Тяжелые слова прихлопнули дивный сон наяву, как камень — хрупкую бабочку.
— Я знаю это, — ответила она тихо. — Я же с самого начала сказала — это мечта. Это то, что было бы, если бы по моему хотению совершались чудеса. Это то, к чему я стремлюсь… хотя в действительности даже не знаю, долго ли смогу оставаться в Удачном… с тобой. Но, Совершенный, для меня это единственная надежда спасти тебя. Если я сама пойду к Ладлакам и заявлю им, что ты сказал, что удовольствуешься такими условиями… возможно, они примут мое скромное предложение — во имя былой связи с тобой…
Ее голос становился все тише и наконец смолк. Совершенный скрестил руки на широченной груди, отмеченной шрамом в виде звезды.
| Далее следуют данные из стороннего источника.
(* Let $X$ be a finite discrete space with at least two elements, $\Gamma$ a nonempty countable set, $\varphi:\Gamma\to\Gamma$ a map, and $d$ a compatible metric on $X^\Gamma$. For each $x=(x_\alpha)\in X^\Gamma$ choose $y^x=(y^x_\alpha)\in X^\Gamma$ such that $\{\alpha\in\Gamma:x_\alpha\neq y^x_\alpha\}$ is a finite set of non-quasi-periodic points of $\varphi$. Let $D\subseteq X^\Gamma$ and $u,v\in X^\Gamma$. Then: (1) $F^*_{uv}(t)=1$ for all $t>0$ iff $F^*_{y^uy^v}(t)=1$ for all $t>0$; (2) there is $t>0$ with $F_{xz}(t)=0$ for all distinct $x,z\in D$ iff there is $t>0$ with $F_{y^xy^z}(t)=0$ for all distinct $x,z\in D$; (3) there is $t>0$ with $F_{xz}(t)<1$ for all distinct $x,z\in D$ iff there is $t>0$ with $F_{y^xy^z}(t)<1$ for all distinct $x,z\in D$. In particular, for $i\in\{1,2\}$, $D$ is a distributional scrambled set of type $i$ iff $\{y^x:x\in D\}$ is a distributional scrambled set of type $i$.
   Context: $X^\Gamma$ has the product topology; $\sigma_\varphi((x_\alpha)_{\alpha\in\Gamma})=(x_{\varphi(\alpha)})_{\alpha\in\Gamma}$. A point $\theta\in\Gamma$ is non-quasi-periodic if $\{\varphi^n(\theta):n\ge0\}$ is infinite. With $f=\sigma_\varphi$, $\xi(x,y,t,n)=\#\{i\in\{0,\dots,n-1\}:d(f^i(x),f^i(y))<t\}$, $F_{xy}(t)=\liminf_n\xi(x,y,t,n)/n$, $F^*_{xy}(t)=\limsup_n\xi(x,y,t,n)/n$. A pair $x,y$ is distributional scrambled of type 1 if there is $s>0$ with $F_{xy}(s)=0$ and $F^*_{xy}(s)=1$ for all $s>0$; of type 2 if there is $s>0$ with $F_{xy}(s)<1$ and $F^*_{xy}(s)=1$ for all $s>0$. A set with at least two elements is distributional scrambled of type $i$ if every pair of its distinct points is.
   Formalization: In the final claim, $\{y^x:x\in D\}$ is replaced by the family indexed by D: D has at least two elements and $y^x$, $y^z$ form a distributional scrambled pair of type i for all distinct x,z in D. The statement above fails without it. *)

From HB Require Import structures.
From mathcomp Require Import all_boot all_order all_algebra.
From mathcomp Require Import all_classical all_reals.
From mathcomp Require Import topology normedtype sequences.
Set Implicit Arguments. Unset Strict Implicit. Unset Printing Implicit Defensive.
Import Order.TTheory GRing.Theory Num.Theory.
Local Open Scope ring_scope.
Local Open Scope classical_set_scope.

Definition shift (X Gamma : Type) (phi : Gamma -> Gamma) (x : Gamma -> X) : Gamma -> X :=
  fun a => x (phi a).

Definition non_quasi_periodic (Gamma : Type) (phi : Gamma -> Gamma) (theta : Gamma) :=
  infinite_set [set iter n phi theta | n in [set: nat]].

Definition is_metric (R : realType) (T : Type) (d : T -> T -> R) :=
  [/\ forall x y, 0 <= d x y,
      forall x y, d x y = 0 <-> x = y,
      forall x y, d x y = d y x &
      forall x y z, d x z <= d x y + d y z].

(* Cylinder (basic open) neighbourhood of x in the product topology of X^Gamma,
   X discrete: all points agreeing with x on the finite set of coordinates s. *)
Definition cylinder (X Gamma : eqType) (s : seq Gamma) (x : Gamma -> X) :=
  [set y : Gamma -> X | forall a, a \in s -> y a = x a].

(* d is compatible with the product topology on X^Gamma (X discrete): d is a
   metric, and at every point the open d-balls and the cylinders form
   mutually cofinal neighbourhood bases (i.e. the two topologies coincide). *)
Definition compatible_metric (R : realType) (X Gamma : eqType)
    (d : (Gamma -> X) -> (Gamma -> X) -> R) :=
  is_metric d /\
  forall x : Gamma -> X,
    (forall e : R, 0 < e -> exists s : seq Gamma,
        cylinder s x `<=` [set y | d x y < e]) /\
    (forall s : seq Gamma, exists2 e : R, 0 < e &
        [set y | d x y < e] `<=` cylinder s x).

Definition xi (R : realType) (X Gamma : Type) (phi : Gamma -> Gamma)
    (d : (Gamma -> X) -> (Gamma -> X) -> R) (x y : Gamma -> X) (t : R) (n : nat) : nat :=
  #|[set i : 'I_n | (d (iter i (shift phi) x) (iter i (shift phi) y) < t)%R]|.

Definition Flow (R : realType) (X Gamma : Type) (phi : Gamma -> Gamma)
    (d : (Gamma -> X) -> (Gamma -> X) -> R) (x y : Gamma -> X) (t : R) : R :=
  limn_inf (fun n => (xi phi d x y t n)%:R / n%:R).

Definition Fup (R : realType) (X Gamma : Type) (phi : Gamma -> Gamma)
    (d : (Gamma -> X) -> (Gamma -> X) -> R) (x y : Gamma -> X) (t : R) : R :=
  limn_sup (fun n => (xi phi d x y t n)%:R / n%:R).

Definition DC1_pair (R : realType) (X Gamma : Type) (phi : Gamma -> Gamma)
    (d : (Gamma -> X) -> (Gamma -> X) -> R) (x y : Gamma -> X) :=
  (exists2 s : R, 0 < s & Flow phi d x y s = 0) /\
  (forall s : R, 0 < s -> Fup phi d x y s = 1).

Definition DC2_pair (R : realType) (X Gamma : Type) (phi : Gamma -> Gamma)
    (d : (Gamma -> X) -> (Gamma -> X) -> R) (x y : Gamma -> X) :=
  (exists2 s : R, 0 < s & Flow phi d x y s < 1) /\
  (forall s : R, 0 < s -> Fup phi d x y s = 1).

Definition scrambled_set (T : Type) (P : T -> T -> Prop) (S : set T) :=
  (exists x y, [/\ S x, S y & x <> y]) /\
  (forall x y, S x -> S y -> x <> y -> P x y).

From Pilot Require Import Defs.
From mathcomp Require Import all_boot all_order all_algebra.
From mathcomp Require Import all_classical all_reals.
From mathcomp Require Import topology normedtype sequences.
From mathcomp.algebra_tactics Require Import ring.
Set Implicit Arguments. Unset Strict Implicit. Unset Printing Implicit Defensive.
Import Order.TTheory GRing.Theory Num.Theory.
Import numFieldNormedType.Exports.
Local Open Scope ring_scope.
Local Open Scope classical_set_scope.

(* Changing a point of X^Gamma on finitely many non-quasi-periodic coordinates
   gives an asymptotic point: the orbit of each coordinate eventually leaves the
   finite set of changed coordinates for good, and, X^Gamma being compact,
   agreement on a large enough finite set of coordinates forces d-closeness
   uniformly.  Along asymptotic pairs the counts xi at thresholds t/2 and t
   differ by a bounded amount, so F and F^* at t/2 are dominated by their values
   at t for the other pair; all the properties in the statement survive this
   halving of the threshold. *)

Section LimnSupInf.
Variable R : realType.
Implicit Types u v w : R^o^nat.

Lemma bounded_fun_le u (M : R) : (forall n, `|u n| <= M) -> bounded_fun u.
Proof.
move=> uM; rewrite /bounded_near; near=> M' => n _ /=; apply: (le_trans (uM n)).
by near: M'; apply: nbhs_pinfty_ge; rewrite num_real.
Unshelve. all: by end_near. Qed.

Lemma bounded_is_cvg_sups u : bounded_fun u -> cvgn (sups u).
Proof.
move=> bu; apply: nonincreasing_is_cvgn; last exact: bounded_fun_has_lbound_sups.
exact/nonincreasing_sups/bounded_fun_has_ubound.
Qed.
(* A reaction network $(X,\mathscr{R})$ admits a Lewis realization if and only if it is conservative.
   Context: A reaction network (RN) $(X,\mathscr{R})$ consists of a finite non-empty set $X$ of species and a finite non-empty set $\mathscr{R}$ of reactions. Each reaction $r$ is given by stoichiometric coefficients $s^-_{xr},s^+_{xr}\in\mathbb{N}_0$. The stoichiometric matrix $S\in\mathbb{Z}^{X\times\mathscr{R}}$ has entries $S_{xr}=s^+_{xr}-s^-_{xr}$. The paper assumes throughout that RNs are closed: every reaction $r$ has $x,y$ with $S_{xr}<0<S_{yr}$. The RN is conservative if there is $m\in\mathbb{R}^X$ with all entries positive and $m^\top S=0$. An sf-instance is a matrix $A\in\mathbb{N}_0^{\mathcal{A}\times X}$ ($\mathcal{A}$ a non-empty finite set) with every column nonzero and $AS=0$. An sf-realization is an sf-instance with $\operatorname{im}A^\top=\ker S^\top$. Let $\mathcal{A}$ be a non-empty finite set and $\mathrm{val}:\mathcal{A}\to\mathbb{N}=\{1,2,\dots\}$ a function. Consider multigraphs (loops allowed) with vertex colouring $\alpha:V\to\mathcal{A}$. The degree $d(u)$ of a vertex is the number of non-loop edge incidences at $u$ plus twice the number of loops at $u$. A Lewis instance is an assignment of vertex-coloured multigraphs $\Gamma_x=(V_x,E_x,\alpha_x)$ to all $x\in X$ such that: - (i) $d(u)=\mathrm{val}(\alpha_x(u))$ for all $u\in V_x$ and $x\in X$; - (ii) the matrix $A$ with $A_{ax}=|\{u\in V_x:\alpha_x(u)=a\}|$ is an sf-instance. A Lewis realization is a Lewis instance whose matrix $A$ is an sf-realization (for some choice of $\mathcal{A}$ and $\mathrm{val}$). *)

From HB Require Import structures.
From mathcomp Require Import all_boot all_order all_algebra.
From mathcomp Require Import reals.
Set Implicit Arguments. Unset Strict Implicit. Unset Printing Implicit Defensive.
Import Order.TTheory GRing.Theory Num.Theory.
Local Open Scope ring_scope.

(* A finite vertex-coloured multigraph (loops and parallel edges allowed):
   each edge e has two endpoints (ends e).1, (ends e).2 (a loop has them equal). *)
Record mgraph (Acol : finType) := MGraph {
  vert : finType;
  edge : finType;
  ends : edge -> vert * vert;
  colour : vert -> Acol
}.

(* degree: number of non-loop edge incidences plus twice the number of loops *)
Definition mdeg (Acol : finType) (G : mgraph Acol) (u : vert G) : nat :=
  (#|[set e : edge G | (ends e).1 == u]| + #|[set e : edge G | (ends e).2 == u]|)%N.

Section RN.
Variables (X Rr : finType) (sm sp : X -> Rr -> nat).

Definition stoich (x : X) (r : Rr) : int := (sp x r)%:Z - (sm x r)%:Z.

Definition closed_RN : Prop :=
  forall r : Rr, exists x y : X, (stoich x r < 0) /\ (0 < stoich y r).

Definition conservative (R : realType) : Prop :=
  exists m : X -> R, (forall x, 0 < m x) /\
    forall r : Rr, \sum_(x : X) m x * (stoich x r)%:~R = 0.

Definition sf_instance (Acol : finType) (A : Acol -> X -> nat) : Prop :=
  (0 < #|Acol|)%N /\
  (forall x : X, exists a : Acol, A a x <> 0%N) /\
  (forall (a : Acol) (r : Rr), \sum_(x : X) (A a x)%:Z * stoich x r = 0).

(* sf-realization: additionally im A^T = ker S^T (as subspaces of R^X) *)
Definition sf_realization (R : realType) (Acol : finType) (A : Acol -> X -> nat) : Prop :=
  sf_instance A /\
  forall v : X -> R,
    (forall r : Rr, \sum_(x : X) v x * (stoich x r)%:~R = 0) <->
    (exists c : Acol -> R, forall x : X, v x = \sum_(a : Acol) c a * (A a x)%:R).

Definition lewis_matrix (Acol : finType) (G : X -> mgraph Acol) : Acol -> X -> nat :=
  fun a x => #|[set u : vert (G x) | colour u == a]|.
— Спасти меня — от чего? — спросил он презрительно. — Спасибо за детскую сказочку, Янтарь. Картинка, прямо скажем, заманчивая… Но я же корабль! Я создан для того, чтобы по морю ходить! Валяться здесь, на берегу, безо всякого дела — и постепенно с ума сходить от безделья? Нет уж! Если моя семья намерена продать меня в рабство — пусть уж это будет знакомое рабство. А превращаться в кукольный домик у меня никакого желания нет!
Его особенно достало это ее последнее замечание насчет того, что когда-нибудь она его оставит. Значит, их дружба длилась только потому, что в Удачном ее удерживало нечто другое. Значит, рано или поздно она покинет его, как покинули все остальные. Все люди всегда бросали его — один за другим…
— Ступай лучше к Даваду Рестару. И отзови свое предложение, — посоветовал он Янтарь, когда молчание слишком уж затянулось.
— Нет.
— Если ты меня купишь и оставишь здесь лежать, я тебя навсегда возненавижу. И накличу на тебя такое злосчастье, какого ты вообразить-то не можешь…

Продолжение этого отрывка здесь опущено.